▸ **TASK TO CARRY OUT**
In the records below, find the line that contains "[rewrite Rabs_Ropp, Rabs_pos_eq;" and the line that contains "- destruct (Hbound 8%nat) as [M8 HM8].". Set down exactly those lines and every line between them, and nothing more.
───── SOURCE MATERIAL
Lemma L2_consistency f M M2 h x : smooth f ->
  (forall y, Rabs (Derive_n f 10 y) <= M) -> (forall y, Rabs (Derive_n f 2 y) <= M2) -> 0 < h ->
  Rabs (Derive_n f 2 x - L2 h f x) <= 2259 * M * h ^ 8.
Proof.
  intros Hf HM HM2 Hh; unfold L2, inv2.
  assert (0 <= M) by (eapply Rle_trans; [apply Rabs_pos | apply (HM 0)]).
  eapply Rle_trans.
  - apply (neumann_inverse_error h 3 (- (1 / 560)) _ _ M2 (2000 * M * h ^ 10) x Hh);
      [rewrite Rabs_Ropp, Rabs_pos_eq; lra | exact HM2 | intros y; now apply L2_residual].
  - rewrite Rabs_Ropp, Rabs_pos_eq by lra.
    replace (2000 * M * h ^ 10 / h ^ 2 / (1 - 1 / 560 * 4 ^ 3)) with (1120000 / 496 * M * h ^ 8)
      by (field; lra).
    assert (0 <= h ^ 8) by (apply pow_le; lra).
    nra.
Qed.

Theorem lemma1 (u : R -> R -> R)
  (Hsmooth : forall (t : R) (n : nat) (x : R), ex_derive_n (fun y => u y t) n x)
  (Hbound : forall n : nat, exists M : R, forall x t : R,
      Rabs (Derive_n (fun y => u y t) n x) <= M) :
  (exists C h0 : R, 0 < h0 /\
     forall h : R, 0 < h < h0 -> forall (j : Z) (t : R),
       Rabs (Derive_n (fun y => u y t) 2 (IZR j * h)
             - L1 h (fun y => u y t) (IZR j * h)) <= C * h ^ 6) /\
  (exists C h0 : R, 0 < h0 /\
     forall h : R, 0 < h < h0 -> forall (j : Z) (t : R),
       Rabs (Derive_n (fun y => u y t) 2 (IZR j * h)
             - L2 h (fun y => u y t) (IZR j * h)) <= C * h ^ 8).
Proof.
  destruct (Hbound 2%nat) as [M2 HM2].
  split.
  - destruct (Hbound 8%nat) as [M8 HM8].
    exists (61 * M8), 1; split; [lra|]; intros h [Hh _] j t.
    apply L1_consistency with M2; auto.
    intros n x; apply Hsmooth.
  - destruct (Hbound 10%nat) as [M10 HM10].
    exists (2259 * M10), 1; split; [lra|]; intros h [Hh _] j t.
    apply L2_consistency with M2; auto.
    intros n x; apply Hsmooth.
Qed.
──────────
▸ **ANSWER BELOW**
      [rewrite Rabs_Ropp, Rabs_pos_eq; lra | exact HM2 | intros y; now apply L2_residual].
  - rewrite Rabs_Ropp, Rabs_pos_eq by lra.
    replace (2000 * M * h ^ 10 / h ^ 2 / (1 - 1 / 560 * 4 ^ 3)) with (1120000 / 496 * M * h ^ 8)
      by (field; lra).
    assert (0 <= h ^ 8) by (apply pow_le; lra).
    nra.
Qed.

Theorem lemma1 (u : R -> R -> R)
  (Hsmooth : forall (t : R) (n : nat) (x : R), ex_derive_n (fun y => u y t) n x)
  (Hbound : forall n : nat, exists M : R, forall x t : R,
      Rabs (Derive_n (fun y => u y t) n x) <= M) :
  (exists C h0 : R, 0 < h0 /\
     forall h : R, 0 < h < h0 -> forall (j : Z) (t : R),
       Rabs (Derive_n (fun y => u y t) 2 (IZR j * h)
             - L1 h (fun y => u y t) (IZR j * h)) <= C * h ^ 6) /\
  (exists C h0 : R, 0 < h0 /\
     forall h : R, 0 < h < h0 -> forall (j : Z) (t : R),
       Rabs (Derive_n (fun y => u y t) 2 (IZR j * h)
             - L2 h (fun y => u y t) (IZR j * h)) <= C * h ^ 8).
Proof.
  destruct (Hbound 2%nat) as [M2 HM2].
  split.
  - destruct (Hbound 8%nat) as [M8 HM8].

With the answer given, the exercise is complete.